(* Consider the SemiFree Magnetic Tower of Hanoi with $N\ge1$ disks: posts $S$, $D$, $I$, where every disk lying on $S$ must have its Red face up, every disk lying on $D$ must have its Blue face up, and $I$ is initially empty and unconstrained; the $N$ disks start on $S$ (Red face up, decreasing size bottom to top) and must be transferred to $D$. This can be done in $S_{SF}(N)$ moves, where $$S_{SF}(N)=(3^{N-1}+N-1)+\frac{3^{N-1}-1}{8}-\frac{N-1}{2}\quad (N\text{ odd}),\qquad S_{SF}(N)=(3^{N-1}+N-1)+\frac{3^{N-1}-3}{8}-\frac{N-2}{2}\quad (N\text{ even}),$$ by a solution in which disk $k$ (disks numbered $1,\dots,N$ from largest to smallest) moves $$P_{SF}(k)=2\cdot3^{k-2}+\frac{3^{k-1}-9}{8}-\frac{3^{k-2}-3}{8}+1\ (k\text{ odd}),\qquad P_{SF}(k)=2\cdot3^{k-2}+\frac{3^{k-1}-3}{8}-\frac{3^{k-2}-9}{8}\ (k\text{ even})$$ times. Moreover $S_{SF}(N)\big/\tfrac{3^N-1}{2}\to\tfrac34$ as $N\to\infty$.
   Context: Magnetic Tower of Hanoi rules: there are three posts and disks of distinct diameters, each disk having one Red face and one Blue face. A move consists of lifting the top disk of some post, turning it upside down, and placing it on top of another post. (Size rule) a disk may never be placed on a smaller disk; (Magnet rule) a disk may never be placed so that its downward-facing side has the same color as the upward-facing side of the disk it lands on. In the SemiFree setting the posts $S$ and $D$ are permanently and oppositely colored (as if they sit on top of larger disks showing Red and Blue respectively), so any disk on $S$ must show Red upward and any disk on $D$ must show Blue upward, while the third post $I$ starts empty and neutral and may hold disks in either orientation subject to the rules above. *)

From HB Require Import structures.
From mathcomp Require Import all_boot all_order all_algebra.
From mathcomp Require Import all_classical all_reals all_analysis.
Set Implicit Arguments. Unset Strict Implicit. Unset Printing Implicit Defensive.
Import Order.TTheory GRing.Theory Num.Theory.

(* Disks are indexed by 'I_N; the ordinal i stands for disk number i+1 in the
   paper's numbering (1 = largest, N = smallest).  Hence disk i is SMALLER
   than disk j iff j < i (as ordinals). *)

Inductive color := Red | Blue.
Definition color_eqb (a b : color) : bool :=
  match a, b with Red, Red | Blue, Blue => true | _, _ => false end.
Lemma color_eqP : Equality.axiom color_eqb.
Proof. by case; case; constructor. Qed.
HB.instance Definition _ := hasDecEq.Build color color_eqP.

Definition flip (c : color) : color := if c is Red then Blue else Red.
Theorem mainTheorem5 (R : realType) (m n0 n1 : nat) (alpha beta : R)
  (varphi : R -> R)
  (H : 'M[R]_(m, n0)) (G : 'M[R]_(m, n1)) (W : 'M[R]_(n1, n0))
  (T : 'M[R]_n1) :
  0 <= alpha -> alpha <= beta ->
  (forall a b : R, a != b ->
     alpha <= (varphi a - varphi b) / (a - b) <= beta) ->
  is_diag_mx T ->
  loewner_le (G^T *m G) T ->
  let h := fun x : 'cV[R]_n0 => H *m x + G *m compwise varphi (W *m x) in
  forall x x' : 'cV[R]_n0,
    vnorm2 (h x - h x') <=
      (specnorm (H + ((alpha + beta) / 2) *: (G *m W))
       + (beta - alpha) / 2 * Num.sqrt (specnorm (W^T *m T *m W)))
      * vnorm2 (x - x').
Proof.
move=> _ alpha_le_beta slope T_diag GT h x x'.
have e_ge0 : 0 <= (beta - alpha) / 2 by lra.
rewrite /h (affine_diff_split _ _ W _ _ _ _ ((alpha + beta) / 2)) [leRHS]mulrDl.
apply: le_trans (ler_vnorm2D _ _) (lerD (vnorm2_mulmx_le _ _) _).
rewrite -[X in X * _ * _]ger0_norm // -sqrtr_sqr.
apply: gram_residual_le => // [|i]; first exact: sqr_ge0.
by rewrite /compwise mulmxBr !mxE; apply: slope_residual_sqr_le; apply: slope.
Qed.
Definition part_bag (x : part_node) : {set V} := [set u in U | top u == val x].

Definition below (y : I) : {set V} := [set u in U | ancestor y (top u)].

Definition part_guard (x y : part_node) : {set V} := (B (val y) :&: U) :\: below (val y).

Lemma connect_part_arc x y : connect part_arc x y = ancestor (val x) (val y).
Proof.
apply/idP/idP.
  move=> /connectP[p + ->]; elim: p x => [|z p IH] x /=; first by rewrite ancestor_refl.
  case/andP=> /andP[zNroot /eqP <-] /IH; apply: ancestor_trans.
  by have [] := tparent_spec zNroot.
have [n] := ubnP (depth (val y)); elim: n y => // n IH y /ltnSE y_n xy.
case: (eqVneq x y) => [->|xNy]; first exact: connect0.
have xNy' : val x != val y by apply: contra xNy => /eqP/val_inj ->.
have yNroot : val y != root.
  by apply: contra xNy' => /eqP yroot; rewrite (ancestor_antisym xy) // yroot root_ancestor.
have [p_tops py pNy max_p] := tparent_spec yNroot.
pose p : part_node := exist _ (tparent (val y)) p_tops.
have xp : ancestor (val x) (val p).
  case/orP: (ancestor_total xy py) => // px.
  suff -> : val p = val x by apply: ancestor_refl.
  apply: (ancestor_depth_eq px); apply/eqP.
  by rewrite eqn_leq ancestor_depth //=; exact: max_p (valP x) xy xNy'.
apply: connect_trans (IH p _ xp) (connect1 _); last by rewrite /part_arc yNroot /=.
exact: leq_trans (ancestor_depth_lt py pNy) y_n.
Qed.

Definition top_node u (uU : u \in U) : part_node := exist _ (top u) (imset_f top uU).

Lemma bigcup_part_bag y : \bigcup_(s | connect part_arc y s) part_bag s = below (val y).
Proof.
apply/setP=> u; rewrite inE; apply/bigcupP/andP => [[s ys]|[uU y_u]].
  by rewrite connect_part_arc in ys; rewrite inE => /andP[-> /eqP ->]; split.
by exists (top_node uU); rewrite ?connect_part_arc ?inE /= ?uU ?eqxx.
Qed.

Lemma below_step y u u' :
  u \in below y -> u' \in U -> E u u' -> u' \notin (B y :&: U) :\: below y ->
  u' \in below y.
Proof.
rewrite !inE => /andP[uU y_u] u'U /edge_bag[j /andP[uj u'j]].
rewrite u'U /= => u'N; apply: contraNT u'N => yN_u'.
have yj := ancestor_trans y_u (top_ancestor uj).
case/orP: (ancestor_total yj (top_ancestor u'j)) => [y_u'|u'y]; first by rewrite y_u' in yN_u'.
by rewrite yN_u' (mem_bag_between (mem_top u') u'j u'y yj).
Qed.
(* There is a constant $C$ depending only on $D$ such that for every $w,z\in\mathbb{S}^D_+$ and every $\pi\in\Pi(z+w)$ there exists $\pi'\in\Pi(z)$ with $\displaystyle\int_0^1|\pi(s)-\pi'(s)|\,ds\le C\,K(z,|w|).$
   Context: $\mathbb{S}^D$ is the space of real symmetric $D\times D$ matrices with entrywise inner product $a\cdot b=\sum_{i,j}a_{ij}b_{ij}$ and norm $|a|=\sqrt{a\cdot a}$; $\mathbb{S}^D_+$ is the set of positive semidefinite ones; $a\succeq b$ means $a\cdot c\ge b\cdot c$ for all $c\in\mathbb{S}^D_+$. $\Pi$ is the set of left-continuous maps $\pi:[0,1]\to\mathbb{S}^D_+$ with $\pi(s')\succeq\pi(s)$ for $s'\ge s$, and $\Pi(z)=\{\pi\in\Pi:\pi(1)=z\}$. For $z\in\mathbb{S}^D_+\setminus\{0\}$, $m(z)$ denotes the smallest positive eigenvalue of $z$. For $z\in\mathbb{S}^D_+$ and $r\ge0$, $K(z,r)=(|z|+r)\big(1+|z|^{1/2}m(z)^{-1/2}\big)m(z)^{-1/2}r^{1/2}+\sqrt{(|z|+r)r}$ if $z\neq0$, and $K(0,r)=r$. *)

From HB Require Import structures.
From mathcomp Require Import all_boot all_order all_algebra.
From mathcomp Require Import all_classical all_reals all_analysis.
Set Implicit Arguments. Unset Strict Implicit. Unset Printing Implicit Defensive.
Import Order.TTheory GRing.Theory Num.Theory.
Import numFieldNormedType.Exports.
Local Open Scope classical_set_scope.
Local Open Scope ring_scope.

Section Defs.
Variables (R : realType) (D : nat).

Definition mdot (a b : 'M[R]_D) : R := \sum_i \sum_j a i j * b i j.
Definition mnorm (a : 'M[R]_D) : R := Num.sqrt (mdot a a).

Definition symmetric (a : 'M[R]_D) : Prop := a^T = a.
Definition psd (a : 'M[R]_D) : Prop :=
  symmetric a /\ forall v : 'cV[R]_D, 0 <= (v^T *m a *m v) 0 0.
Definition mge (a b : 'M[R]_D) : Prop :=
  forall c, psd c -> mdot b c <= mdot a c.

(* Pi: left-continuous, S^D_+-valued, nondecreasing maps on [0,1]
   (values of pi outside [0,1] are irrelevant). *)
Definition in_Pi (pi : R -> 'M[R]_D) : Prop :=
  (forall s, 0 <= s <= 1 -> psd (pi s)) /\
  (forall s s', 0 <= s -> s <= s' -> s' <= 1 -> mge (pi s') (pi s)) /\
  (forall s, 0 < s <= 1 -> forall i j,
      (fun t => pi t i j) @ at_left s --> pi s i j).

Definition in_Pi_z (z : 'M[R]_D) (pi : R -> 'M[R]_D) : Prop :=
  in_Pi pi /\ pi 1 = z.

Definition mpos (z : 'M[R]_D) : R :=
  inf [set l : R | 0 < l /\ eigenvalue z l].

Definition Kfun (z : 'M[R]_D) (r : R) : R :=
  if z == 0 then r
  else (mnorm z + r) * (1 + Num.sqrt (mnorm z) / Num.sqrt (mpos z))
         / Num.sqrt (mpos z) * Num.sqrt r
       + Num.sqrt ((mnorm z + r) * r).

End Defs.

From Pilot Require Import Defs.
From HB Require Import structures.
From mathcomp Require Import all_boot all_order all_algebra.
From mathcomp Require Import all_classical all_reals all_analysis.
From mathcomp Require Import ring lra.
Import Order.TTheory GRing.Theory Num.Theory.
Import numFieldNormedType.Exports.
Local Open Scope classical_set_scope.
Local Open Scope ring_scope.
Set Implicit Arguments. Unset Strict Implicit. Unset Printing Implicit Defensive.

(* Write a = |z|, r = |w| and m = m(z).  If a + r <= K(z, r), which covers
   z = 0 and m <= r, the constant path z works, as all entries of pi(s) and of z
   are bounded by a + r.  Otherwise r < m; take a projector P onto the range of
   z with z P = z, c = m / (m + r), and
     pi'(s) = c P^T pi(s) P + (z - c P^T (z + w) P).
   The constant term is psd because z >= m on the range of z while w <= r, so
   pi' is in Pi(z).  On ker z, pi(s) <= z + w reduces to pi(s) <= w, hence by
   Cauchy-Schwarz the parts of pi - pi' leaving the range are at most
   sqrt((a + r) r); the rest is (1 - c) times terms of size a + r, and
   1 - c = r / (m + r) <= sqrt(r / m).  The needed spectral fact about m(z) comes
   from the infimum of the Rayleigh quotient of z on its range, which is
   attained at an eigenvector since otherwise z - inf would be coercive there. *)

Section CauchySchwarz.
Variable R : realFieldType.

Lemma quadratic_ge0_discr_le (p b q : R) : 0 <= q ->
  (forall t, 0 <= p + 2 * t * b + t ^+ 2 * q) -> b ^+ 2 <= p * q.
Proof.
move=> q_ge0 quad_ge0; have [q0|q_neq0] := eqVneq q 0.
  have [->|b_neq0] := eqVneq b 0; first by rewrite q0 expr0n mulr0.
  have := quad_ge0 (- (p + 1) / (2 * b)).
  have -> : 2 * (- (p + 1) / (2 * b)) * b = - (p + 1) by field; rewrite b_neq0.
  by rewrite q0 !mulr0; lra.
have q_gt0 : 0 < q by rewrite lt_def q_neq0.
have := quad_ge0 (- b / q).
have -> : p + 2 * (- b / q) * b + (- b / q) ^+ 2 * q = (p * q - b ^+ 2) / q by field.
by rewrite pmulr_lge0 ?invr_gt0 // subr_ge0.
Qed.

Lemma cauchy_schwarz_sum (I : finType) (x y : I -> R) :
  (\sum_i x i * y i) ^+ 2 <= (\sum_i x i ^+ 2) * (\sum_i y i ^+ 2).
Proof.
apply: quadratic_ge0_discr_le; first by apply: sumr_ge0 => i _; exact: sqr_ge0.
move=> t; have -> : \sum_i x i ^+ 2 + 2 * t * (\sum_i x i * y i) + t ^+ 2 * (\sum_i y i ^+ 2)
    = \sum_i (x i + t * y i) ^+ 2.
  by rewrite !mulr_sumr -!big_split; apply: eq_bigr => i _ /=; ring.
by apply: sumr_ge0 => i _; exact: sqr_ge0.
Qed.

End CauchySchwarz.

Section BilinearForm.
Variables (R : realType) (n : nat).
Implicit Types (Y A B : 'M[R]_n) (u v : 'cV[R]_n).

Definition bform Y u v : R := (u^T *m Y *m v) 0 0.
Definition sqnorm v : R := \sum_i v i 0 ^+ 2.

Lemma bformE Y u v : bform Y u v = \sum_i \sum_j u i 0 * Y i j * v j 0.
Proof.
rewrite /bform mxE; under eq_bigr => j _ do rewrite mxE big_distrl /=.
rewrite exchange_big; apply: eq_bigr => i _; apply: eq_bigr => j _.
by rewrite !mxE.
Qed.

Lemma bformD Y1 Y2 u v : bform (Y1 + Y2) u v = bform Y1 u v + bform Y2 u v.
Proof. by rewrite /bform mulmxDr mulmxDl mxE. Qed.

Lemma bformB Y1 Y2 u v : bform (Y1 - Y2) u v = bform Y1 u v - bform Y2 u v.
Proof. by rewrite /bform mulmxBr mulmxBl !mxE. Qed.

Lemma bformZ t Y u v : bform (t *: Y) u v = t * bform Y u v.
Proof. by rewrite /bform -scalemxAr -scalemxAl mxE. Qed.

Lemma bformDl Y u1 u2 v : bform Y (u1 + u2) v = bform Y u1 v + bform Y u2 v.
Proof. by rewrite /bform linearD /= !mulmxDl mxE. Qed.

Lemma bformBl Y u1 u2 v : bform Y (u1 - u2) v = bform Y u1 v - bform Y u2 v.
Proof. by rewrite /bform linearB /= !mulmxBl !mxE. Qed.

Lemma bformZl Y t u v : bform Y (t *: u) v = t * bform Y u v.
Proof. by rewrite /bform linearZ /= -!scalemxAl mxE. Qed.

Lemma bformDr Y u v1 v2 : bform Y u (v1 + v2) = bform Y u v1 + bform Y u v2.
Proof. by rewrite /bform mulmxDr mxE. Qed.

Lemma bformBr Y u v1 v2 : bform Y u (v1 - v2) = bform Y u v1 - bform Y u v2.
Proof. by rewrite /bform mulmxBr !mxE. Qed.

Lemma bformZr Y t u v : bform Y u (t *: v) = t * bform Y u v.
Proof. by rewrite /bform -scalemxAr mxE. Qed.

Lemma bformC Y u v : Y^T = Y -> bform Y u v = bform Y v u.
Proof.
move=> sym_Y; rewrite /bform; have -> : v^T *m Y *m u = (u^T *m Y *m v)^T.
  by rewrite !trmx_mul trmxK sym_Y mulmxA.
by rewrite [in RHS]mxE.
Qed.

Lemma bform_mulmx Y (P : 'M[R]_n) u v :
  bform (P^T *m Y *m P) u v = bform Y (P *m u) (P *m v).
Proof. by rewrite /bform trmx_mul !mulmxA. Qed.

Lemma bform_delta Y i j : bform Y (delta_mx i 0) (delta_mx j 0) = Y i j.
Proof. by rewrite /bform trmx_delta -rowE -colE !mxE. Qed.

Lemma sqnormE v : sqnorm v = bform 1%:M v v.
Proof. by rewrite /bform mulmx1 mxE; apply: eq_bigr => i _; rewrite mxE expr2. Qed.

Lemma sqnorm_ge0 v : 0 <= sqnorm v.
Proof. by apply: sumr_ge0 => i _; exact: sqr_ge0. Qed.

Lemma sqnorm_eq0 v : (sqnorm v == 0) = (v == 0).
Proof.
rewrite psumr_eq0 => [|i _]; last exact: sqr_ge0.
apply/allP/eqP => [v0|-> i _]; last by rewrite mxE expr2 mulr0 eqxx.
apply/matrixP => i j; rewrite (ord1 j) mxE; apply/eqP.
by rewrite -sqrf_eq0; exact: (implyP (v0 i (mem_index_enum i))).
Qed.

Lemma sqnormD_orth u v : bform 1%:M u v = 0 -> sqnorm (u + v) = sqnorm u + sqnorm v.
Proof.
move=> uv0; rewrite !sqnormE bformDl !bformDr uv0 (bformC v u (@trmx1 _ _)) uv0.
by rewrite addr0 add0r.
Qed.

What is required:
The answer should be the exact lines running from the line containing "apply/allP/eqP => [v0|->" to the last line of the entries, with nothing else.

Response:
apply/allP/eqP => [v0|-> i _]; last by rewrite mxE expr2 mulr0 eqxx.
apply/matrixP => i j; rewrite (ord1 j) mxE; apply/eqP.
by rewrite -sqrf_eq0; exact: (implyP (v0 i (mem_index_enum i))).
Qed.

Lemma sqnormD_orth u v : bform 1%:M u v = 0 -> sqnorm (u + v) = sqnorm u + sqnorm v.
Proof.
move=> uv0; rewrite !sqnormE bformDl !bformDr uv0 (bformC v u (@trmx1 _ _)) uv0.
by rewrite addr0 add0r.
Qed.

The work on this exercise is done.